── RECORDS FOR PROCESSING ──
(* Let $A$ be a real $m\times n$ matrix, $\mathbf b\in\mathbb R^m$, $\mathbf c\in\mathbb R^n$ (row vector), such that the linear program $\max\mathbf c\mathbf x$ s.t. $A\mathbf x\le\mathbf b$, $\mathbf x\ge0$ has unique optimal primal and dual solutions $\mathbf x^*$, $\mathbf y^*$. Let $\lambda=\min(\alpha_P,\alpha_D,\beta_P,\beta_D)$. Then for every primal feasible $\mathbf x$, \[ \|\mathbf x^*-\mathbf x\|_\infty\le\mathbf c(\mathbf x^*-\mathbf x)\left(\frac{1+\|A\|}{\lambda\min(\gamma,1)}\right). \]
   Context: The dual is $\min\mathbf y\mathbf b$ s.t. $\mathbf yA\ge\mathbf c$, $\mathbf y\ge0$. $U=\{i:x^*_i>0\}$, $V=\{j:y^*_j>0\}$, $\bar U,\bar V$ complements. $\alpha_P=\min_{i\in U}x^*_i$, $\alpha_D=\min_{j\in V}y^*_j$, $\beta_P=\min_{j\in\bar V}(b_j-A_{j,:}\mathbf x^* )$, $\beta_D=\min_{i\in\bar U}(\mathbf y^*A_{:,i}-c_i)$, $\gamma=\min_{k\in U}\mathrm{dist}(A_{V,k},\mathrm{span}(A_{V,U\setminus\{k\}}))$, where $A_{V,k}$ is column $k$ restricted to rows $V$ and $\mathrm{span}(A_{V,U\setminus\{k\}})$ is the span of the columns indexed by $U\setminus\{k\}$ restricted to rows $V$. $\|A\|$ is the spectral norm and $\|\cdot\|_\infty$ the max-norm. *)

From HB Require Import structures.
From mathcomp Require Import all_boot all_order all_algebra.
From mathcomp Require Import boolp classical_sets reals constructive_ereal.
Set Implicit Arguments. Unset Strict Implicit. Unset Printing Implicit Defensive.
Import Order.TTheory GRing.Theory Num.Theory.
Local Open Scope ring_scope.

Section LPDefs.
Variable R : realType.
Variables m n : nat.

Definition lemx p q (M N : 'M[R]_(p, q)) : Prop := forall i j, M i j <= N i j.

Definition primal_feasible (A : 'M[R]_(m, n)) (b : 'cV[R]_m) (x : 'cV[R]_n) :=
  lemx (A *m x) b /\ lemx 0 x.
Definition primal_optimal A b (c : 'rV[R]_n) x :=
  primal_feasible A b x /\
  forall x', primal_feasible A b x' -> (c *m x') 0 0 <= (c *m x) 0 0.

Definition dual_feasible (A : 'M[R]_(m, n)) (c : 'rV[R]_n) (y : 'rV[R]_m) :=
  lemx c (y *m A) /\ lemx 0 y.
Definition dual_optimal A (b : 'cV[R]_m) c y :=
  dual_feasible A c y /\
  forall y', dual_feasible A c y' -> (y *m b) 0 0 <= (y' *m b) 0 0.

Definition normInf (v : 'cV[R]_n) : R := \big[Num.max/0]_(i < n) `|v i 0|.

Definition norm2 p (v : 'cV[R]_p) : R := Num.sqrt (\sum_(i < p) v i 0 ^+ 2).

Definition specnorm (A : 'M[R]_(m, n)) : R :=
  sup [set e : R | exists x : 'cV[R]_n, norm2 x <= 1 /\ e = norm2 (A *m x)]%classic.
───
**BRIEF**
From the line that contains "Definition normInf (v" through the final line of the entries above, every line must be reproduced exactly and nothing more.

**ANSWER SPACE**
Definition normInf (v : 'cV[R]_n) : R := \big[Num.max/0]_(i < n) `|v i 0|.

Definition norm2 p (v : 'cV[R]_p) : R := Num.sqrt (\sum_(i < p) v i 0 ^+ 2).

Definition specnorm (A : 'M[R]_(m, n)) : R :=
  sup [set e : R | exists x : 'cV[R]_n, norm2 x <= 1 /\ e = norm2 (A *m x)]%classic.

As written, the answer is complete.